● **Goal of the exercise**
Count the lines below containing "under"; state the number only.
BEGIN
Lemma inner0r (w : vec) : inner w (fun _ => 0) = 0.
Proof.
apply: limn_eq; rewrite (_ : series _ = fun _ => 0); first exact: cvg_cst.
by apply: funext => N; rewrite /series /= big1 // => i _; rewrite mulr0.
Qed.

Lemma inner0l (w : vec) : inner (fun _ => 0) w = 0.
Proof.
apply: limn_eq; rewrite (_ : series _ = fun _ => 0); first exact: cvg_cst.
by apply: funext => N; rewrite /series /= big1 // => i _; rewrite rmorph0 mul0r.
Qed.

Lemma sum_nat_delta (F : nat -> C) m M :
  \sum_(0 <= k < M) F k * (m == k)%:R = if (m < M)%N then F m else 0.
Proof.
elim: M => [|M IH]; first by rewrite big_geq.
rewrite big_nat_recr //= IH; have [->|ne] := eqVneq m M.
  by rewrite ltnn leqnn mulr1 add0r.
have -> : (m < M.+1)%N = (m < M)%N by rewrite ltnS leq_eqVlt (negPf ne).
by rewrite mulr0 addr0.
Qed.

Definition delta (p : nat) : vec := fun n => (n == p)%:R.

Lemma l2_delta p : l2 (delta p) /\ sqnorm (delta p) <= 1.
Proof.
apply: l2_sqnorm_le => N; rewrite /series /=.
under eq_bigr do rewrite /delta abs2_bool.
elim: N => [|N IH]; first by rewrite big_geq.
rewrite big_nat_recr //=; have [->|ne] := eqVneq N p; last by rewrite addr0.
suff -> : \sum_(0 <= n < p) ((n == p)%:R : R) = 0 by rewrite add0r.
by apply: big1_seq => n /andP[_]; rewrite mem_index_iota => /andP[_ h]; rewrite (ltn_eqF h).
Qed.

Lemma inner_delta (w : vec) p : inner w (delta p) = (w p)^*.
Proof.
apply: limn_eq; apply: (@cvg_eventually_const _ _ _ p.+1) => k hk.
rewrite /series /= /delta.
under eq_bigr do rewrite eq_sym.
by rewrite sum_nat_delta hk.
Qed.

Definition trunc (M : nat) (y : vec) : vec := fun n => if (n < M)%N then y n else 0.
Definition cotrunc (M : nat) (y : vec) : vec := fun n => if (M <= n)%N then y n else 0.
Definition tail (y : vec) (M : nat) : R := sqnorm y - series (fun n => abs2 (y n)) M.

Lemma trunc_cotrunc M (y : vec) : y = fun n => trunc M y n + 1 * cotrunc M y n.
Proof.
apply: funext => n; rewrite /trunc /cotrunc mul1r.
by case: ltnP => _; rewrite ?addr0 ?add0r.
Qed.

Lemma cvg_tail (y : vec) : l2 y -> tail y @ \oo --> 0.
Proof.
by move=> ly; rewrite -(subrr (sqnorm y)); apply: cvgB; [exact: cvg_cst | exact: cvg_series_sqnorm].
Qed.

Lemma l2_trunc M (y : vec) : l2 y -> l2 (trunc M y).
Proof.
move=> ly; apply/l2P; exists (sqnorm y) => k; apply: le_trans (series_le_sqnorm k ly).
by apply: ler_sum => n _; rewrite /trunc; case: ifP; rewrite ?abs2_0 ?abs2_ge0.
Qed.

Lemma l2_cotrunc M (y : vec) : l2 y -> l2 (cotrunc M y) /\ sqnorm (cotrunc M y) <= tail y M.
Proof.
move=> ly; apply: l2_sqnorm_le => k; rewrite /series /=.
apply: le_trans (_ : \sum_(0 <= n < k + M) abs2 (cotrunc M y n) <= _).
  rewrite (big_cat_nat (leq0n k) (leq_addr M k)) /= lerDl.
  by apply: sumr_ge0 => i _; exact: abs2_ge0.
rewrite (big_cat_nat (leq0n M) (leq_addl k M)) /= big1_seq ?add0r; last first.
  by move=> n /andP[_]; rewrite mem_index_iota /cotrunc => /andP[_ h]; rewrite leqNgt h abs2_0.
rewrite /tail lerBrDr; apply: le_trans (series_le_sqnorm (k + M) ly).
rewrite /series /= (big_cat_nat (leq0n M) (leq_addl k M)) /= addrC lerD2r.
by apply: ler_sum_nat => n /andP[h _]; rewrite /cotrunc h.
Qed.

Lemma inner_trunc (x y : vec) M : inner x (trunc M y) = \sum_(0 <= n < M) (x n)^* * y n.
Proof.
apply: limn_eq; apply: (@cvg_eventually_const _ _ _ M) => k hk.
rewrite /series /= /trunc (big_cat_nat (leq0n M) hk) /= [X in _ + X]big1_seq ?addr0; last first.
  by move=> i /andP[_]; rewrite mem_index_iota => /andP[h _]; rewrite ltnNge h mulr0.
by apply: eq_big_nat => i /andP[_ h]; rewrite h.
Qed.

End SequenceSpace.

Arguments delta {R} p _.

Section OrthonormalSystem.
Variable R : realType.
Local Notation C := R[i].
Local Notation vec := (vec R).
Variable u : nat -> vec.
Hypothesis u_l2 : forall n, l2 (u n).
Hypothesis u_orth : forall m n, inner (u m) (u n) = (m == n)%:R.

Definition comb (c : vec) (M : nat) : vec := fun p => \sum_(0 <= m < M) c m * u m p.

Lemma comb0 c : comb c 0 = fun _ => 0.
Proof. by apply: funext => p; rewrite /comb big_geq. Qed.

Lemma combS c M : comb c M.+1 = fun p => comb c M p + c M * u M p.
Proof. by apply: funext => p; rewrite /comb big_nat_recr. Qed.

Lemma l2_comb c M : l2 (comb c M).
Proof.
elim: M => [|M IH]; first by rewrite comb0; exact: l2_0.
by rewrite combS; apply: l2DZ; [exact: IH | exact: u_l2].
Qed.

Lemma inner_comb_r (w : vec) c M : l2 w ->
  inner w (comb c M) = \sum_(0 <= m < M) c m * inner w (u m).
Proof.
move=> lw; elim: M => [|M IH]; first by rewrite comb0 inner0r big_geq.
by rewrite combS (innerDZr _ lw (@l2_comb c M) (@u_l2 M)) IH big_nat_recr.
Qed.

Lemma inner_comb_l (w : vec) c M : l2 w ->
  inner (comb c M) w = \sum_(0 <= m < M) (c m)^* * inner (u m) w.
Proof.
move=> lw; elim: M => [|M IH]; first by rewrite comb0 inner0l big_geq.
by rewrite combS (innerDZl _ lw (@l2_comb c M) (@u_l2 M)) IH big_nat_recr.
Qed.

Lemma inner_basis_comb m c M : inner (u m) (comb c M) = if (m < M)%N then c m else 0.
Proof. by rewrite inner_comb_r // -sum_nat_delta; apply: eq_bigr => k _; rewrite u_orth. Qed.

Lemma inner_comb c d M : inner (comb c M) (comb d M) = \sum_(0 <= m < M) (c m)^* * d m.
Proof.
rewrite inner_comb_l; last exact: l2_comb.
by apply: eq_big_nat => m /andP[_ hm]; rewrite inner_basis_comb hm.
Qed.

Lemma sqnorm_comb c M : sqnorm (comb c M) = \sum_(0 <= m < M) abs2 (c m).
Proof.
apply: complexI; rewrite -(inner_self (@l2_comb c M)) inner_comb.
by rewrite rmorph_sum; apply: eq_bigr => m _; rewrite conjM_abs2.
Qed.

Lemma series_abs2_comb_le c M N :
  series (fun n => abs2 (comb c M n)) N <= \sum_(0 <= m < M) abs2 (c m).
Proof. by rewrite -sqnorm_comb; apply: series_le_sqnorm; exact: l2_comb. Qed.

Definition coef (x : vec) : vec := fun n => inner (u n) x.

Lemma bessel (x : vec) N : l2 x -> \sum_(0 <= n < N) abs2 (coef x n) <= sqnorm x.
Proof.
move=> lx; set P := comb (coef x) N.
have lP : l2 P by exact: l2_comb.
set y := fun p => x p + (-1) * P p.
have ly : l2 y by exact: l2DZ.
have xy : inner x y = (sqnorm x)%:C - \sum_(0 <= m < N) (abs2 (coef x m))%:C.
  rewrite /y (innerDZr _ lx lx lP) (inner_self lx) (inner_comb_r _ _ lx) mulN1r.
  congr (_ - _).
  by apply: eq_bigr => m _; rewrite (inner_conj (@u_l2 m) lx) -conjM_abs2 mulrC.
have Py : inner P y = 0.
  by rewrite /y (innerDZr _ lP lx lP) inner_comb (inner_comb_l _ _ lx) mulN1r /coef subrr.
have : (sqnorm y)%:C = (sqnorm x)%:C - \sum_(0 <= m < N) (abs2 (coef x m))%:C.
  by rewrite -(inner_self ly) {1}/y (innerDZl _ ly lx lP) xy Py mulr0 addr0.
rewrite -rmorph_sum -rmorphB => /complexI sqnorm_y.
by rewrite -subr_ge0 -sqnorm_y; exact: sqnorm_ge0.
Qed.

Lemma l2_coef (x : vec) : l2 x -> l2 (coef x) /\ sqnorm (coef x) <= sqnorm x.
Proof. by move=> lx; apply: l2_sqnorm_le => N; exact: bessel. Qed.

Lemma coefDZ (x y : vec) (z : C) : l2 x -> l2 y ->
  coef (fun n => x n + z * y n) = fun n => coef x n + z * coef y n.
Proof. by move=> lx ly; apply: funext => n; rewrite /coef (innerDZr _ (@u_l2 n) lx ly). Qed.

Lemma coef_basis m : coef (u m) = delta m.
Proof. by apply: funext => n; rewrite /coef u_orth. Qed.

(* Bessel's inequality for the unit vector [delta p]. *)
Lemma series_abs2_column_le p N : series (fun m => abs2 (u m p)) N <= 1.
Proof.
have [ld nd] := @l2_delta R p.
apply: le_trans nd; apply: le_trans (bessel N ld); rewrite /series /=.
by apply: ler_sum => m _; rewrite /coef inner_delta abs2_conj.
Qed.

Definition syn (y : vec) : vec := fun p => limn (series (fun m => y m * u m p)).

Lemma cvg_syn (y : vec) p : l2 y -> series (fun m => y m * u m p) @ \oo --> syn y p.
Proof.
move=> /l2P [My Hy].
suff : cvgn (series (fun m => y m * u m p)) by [].
apply: (@is_cvg_series_abs1 _ _ (My + 1)) => N.
apply: le_trans (lerD (Hy N) (series_abs2_column_le p N)).
by rewrite /series /= -big_split /=; apply: ler_sum => i _; exact: abs1M_le.
Qed.

Lemma l2_syn (y : vec) : l2 y -> l2 (syn y) /\ sqnorm (syn y) <= sqnorm y.
Proof.
move=> ly; apply: (@l2_fatou _ (comb y)) => [p|k N]; first exact: cvg_syn.
by apply: le_trans (series_abs2_comb_le _ _ _) (series_le_sqnorm k ly).
Qed.

Lemma synDZ (y y' : vec) (z : C) : l2 y -> l2 y' ->
  syn (fun n => y n + z * y' n) = fun p => syn y p + z * syn y' p.
Proof.
move=> ly ly'; apply: funext => p; apply: limn_eq.
rewrite (_ : (fun m => (y m + z * y' m) * u m p)
           = fun m => y m * u m p + z * (y' m * u m p)); last first.
  by apply: funext => m; ring.
by rewrite seriesDZ; apply: cvg_lincomb; exact: cvg_syn.
Qed.

Lemma syn_trunc M (y : vec) : syn (trunc M y) = comb y M.
Proof.
apply: funext => p; apply: limn_eq; apply: (@cvg_eventually_const _ _ _ M) => k hk.
rewrite /series /= /trunc (big_cat_nat (leq0n M) hk) /= [X in _ + X]big1_seq ?addr0; last first.
  by move=> i /andP[_]; rewrite mem_index_iota => /andP[h _]; rewrite ltnNge h mul0r.
by apply: eq_big_nat => i /andP[_ h]; rewrite h.
Qed.

Lemma inner_syn (y x : vec) : l2 y -> l2 x -> inner (syn y) x = inner y (coef x).
Proof.
move=> ly lx; apply/esym/limn_eq.
have partial M : series (fun n => (y n)^* * coef x n) M
                 = inner (syn y) x - inner (syn (cotrunc M y)) x.
  have lt := l2_trunc (M:=M) ly; have [lct _] := l2_cotrunc M ly.
  have [lst _] := l2_syn lt; have [lsct _] := l2_syn lct.
  rewrite {2}(trunc_cotrunc M y) (synDZ _ lt lct) (innerDZl _ lx lst lsct).
  by rewrite syn_trunc (inner_comb_l _ _ lx) rmorph1 mul1r addrK.
rewrite (_ : series _ = fun M => inner (syn y) x - inner (syn (cotrunc M y)) x); last first.
  exact: funext.
rewrite -[X in _ --> X]subr0; apply: cvgB; first exact: cvg_cst.
apply: (@cvg0_scaled_bound _ _ (tail y) (sqnorm x)); [exact: cvg_tail | exact: sqnorm_ge0 |].
move=> M t t0; have [lct nct] := l2_cotrunc M ly; have [ls ns] := l2_syn lct.
apply: le_trans (abs1_inner_le ls lx t0) _.
by rewrite lerD2r ler_wpM2l ?sqr_ge0 // (le_trans ns nct).
Qed.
END
● **Result of this task**
2